→ **Work required**
Using the records below, transcribe word for word the stretch from the line that contains "j_mu; exists j." through the line that contains "Hypotheses (v_orth : orthonormal", both end lines included, and nothing else.

→ **Records for processing**
Lemma eigenvalue_of_eigenvector x a k0 :
  x k0 != 0 -> (forall k, mulmxv A x k = a * x k) -> eigenvalue A a.
Proof.
move=> x_k0 Ax; apply/eigenvalueP; exists (\row_k x k); last first.
  by apply: contraNneq x_k0 => /rowP/(_ k0); rewrite !mxE => ->.
apply/rowP => l; rewrite !mxE -Ax; apply: eq_bigr => k _.
by rewrite !mxE -[in RHS]A_sym mxE mulrC.
Qed.

Lemma unit_eigenvector a : eigenvalue A a ->
  exists x, dot x x = 1 /\ forall k, mulmxv A x k = a * x k.
Proof.
case/eigenvalue_exists_eigenvector => x [k xk] Ax.
have n_gt0 := dot_gt0 xk.
pose c := (Num.sqrt (dot x x))^-1.
exists (fun k => c * x k); split.
  rewrite dotZl dotC dotZl mulrA -expr2 exprVn sqr_sqrtr ?mulVf ?ltW ?gt_eqF //.
move=> l; rewrite -mulrCA -Ax /mulmxv mulr_sumr.
by apply: eq_bigr => m _; rewrite mulrCA.
Qed.

Lemma simple_spectrum_eigenbasis (al : 'I_N -> R) :
  injective al -> (forall j, eigenvalue A (al j)) ->
  exists u, orthonormal u /\ forall j k, mulmxv A (u j) k = al j * u j k.
Proof.
move=> al_inj al_eig.
have [u uP] := choice (fun j => unit_eigenvector (al_eig j)).
exists u; split=> [i j|j]; last exact: (uP j).2.
case: eqVneq => [->|ij]; first exact: (uP j).1.
by apply: eigenvector_orthogonal (uP i).2 (uP j).2 _; rewrite (inj_eq al_inj).
Qed.

Section Eigenbasis.
Variables (al : 'I_N -> R) (u : 'I_N -> 'I_N -> R).
Hypotheses (u_orth : orthonormal u) (Au : forall j k, mulmxv A (u j) k = al j * u j k).

(* The argument [j0] only witnesses that 'I_N is inhabited. *)
Lemma residual_bound (j0 : 'I_N) x mu :
  let r k := mulmxv A x k - mu * x k in
  exists j, (al j - mu) ^+ 2 * dot x x <= dot r r.
Proof.
move=> r.
have [j _ j_min] := @arg_minP _ R _ j0 xpredT (fun j => (al j - mu) ^+ 2) isT.
exists j; rewrite (parseval u_orth x x) (parseval u_orth r r) mulr_sumr.
apply: ler_sum => i _.
have -> : dot (u i) r = (al i - mu) * dot (u i) x.
  rewrite mulrBl -(dot_eigenl x (Au i)) -dot_mulmxv_sym //.
  by rewrite /dot mulr_sumr -sumrB; apply: eq_bigr => k _; rewrite /r; ring.
rewrite [in X in _ <= X]mulrACA -!expr2.
by apply: ler_wpM2r; [exact: sqr_ge0 | exact: j_min].
Qed.

Lemma eigenvalue_mem_spectrum mu : eigenvalue A mu -> exists j, al j = mu.
Proof.
case/eigenvalue_exists_eigenvector => x [k xk] Ax.
have [j] := residual_bound k x mu; rewrite /=.
have -> : (fun l => mulmxv A x l - mu * x l) = fun=> 0.
  by apply/funext => l; rewrite Ax subrr.
rewrite {2}/dot big1 ?mulr0 // pmulr_lle0 ?(dot_gt0 xk) // => j_mu; exists j.
by apply/eqP; rewrite -subr_eq0 -sqrf_eq0 eq_le j_mu sqr_ge0.
Qed.

Lemma simple_eigenspace i x : injective al ->
  (forall k, mulmxv A x k = al i * x k) -> forall k, x k = dot (u i) x * u i k.
Proof.
move=> al_inj Ax k.
rewrite (orthonormal_expand u_orth x k) (bigD1 i) //= big1 ?addr0 // => j ji.
by rewrite (eigenvector_orthogonal (Au j) Ax) ?mul0r // (inj_eq al_inj).
Qed.

End Eigenbasis.

End SymmetricSpectrum.

(** * First-order perturbation of a simple spectrum *)

Section FirstOrderPerturbation.
Variables (L D : 'M[R]_N) (lam : 'I_N -> R) (v : 'I_N -> 'I_N -> R).
Hypotheses (L_sym : L^T = L) (D_sym : D^T = D) (lam_inj : injective lam).
Hypotheses (v_orth : orthonormal v) (Lv : forall i k, mulmxv L (v i) k = lam i * v i k).

Let perturbed_sym e := symmetricDZ e L_sym D_sym.

Let coef i j := dot (v j) (mulmxv D (v i)).
(* First-order (Rayleigh-Schroedinger) correction of the eigenvector [v i]. *)
Let corr i k := \sum_(j | j != i) coef i j / (lam i - lam j) * v j k.
Let resid i k := mulmxv D (corr i) k - coef i i * corr i k.

Lemma first_order_correction i k :
  mulmxv L (corr i) k - lam i * corr i k = coef i i * v i k - mulmxv D (v i) k.
Proof.
rewrite (orthonormal_expand v_orth (mulmxv D (v i)) k) [X in _ = _ - X](bigD1 i) //=.
rewrite mulmxv_sum /corr mulr_sumr -sumrB opprD addrA -/(coef i i) subrr sub0r -sumrN.
apply: eq_bigr => j ji; rewrite Lv.
have : lam i - lam j != 0 by rewrite subr_eq0 (inj_eq lam_inj) eq_sym.
by rewrite /coef => ?; field.
Qed.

→ **Your solution**
rewrite {2}/dot big1 ?mulr0 // pmulr_lle0 ?(dot_gt0 xk) // => j_mu; exists j.
by apply/eqP; rewrite -subr_eq0 -sqrf_eq0 eq_le j_mu sqr_ge0.
Qed.

Lemma simple_eigenspace i x : injective al ->
  (forall k, mulmxv A x k = al i * x k) -> forall k, x k = dot (u i) x * u i k.
Proof.
move=> al_inj Ax k.
rewrite (orthonormal_expand u_orth x k) (bigD1 i) //= big1 ?addr0 // => j ji.
by rewrite (eigenvector_orthogonal (Au j) Ax) ?mul0r // (inj_eq al_inj).
Qed.

End Eigenbasis.

End SymmetricSpectrum.

(** * First-order perturbation of a simple spectrum *)

Section FirstOrderPerturbation.
Variables (L D : 'M[R]_N) (lam : 'I_N -> R) (v : 'I_N -> 'I_N -> R).
Hypotheses (L_sym : L^T = L) (D_sym : D^T = D) (lam_inj : injective lam).
Hypotheses (v_orth : orthonormal v) (Lv : forall i k, mulmxv L (v i) k = lam i * v i k).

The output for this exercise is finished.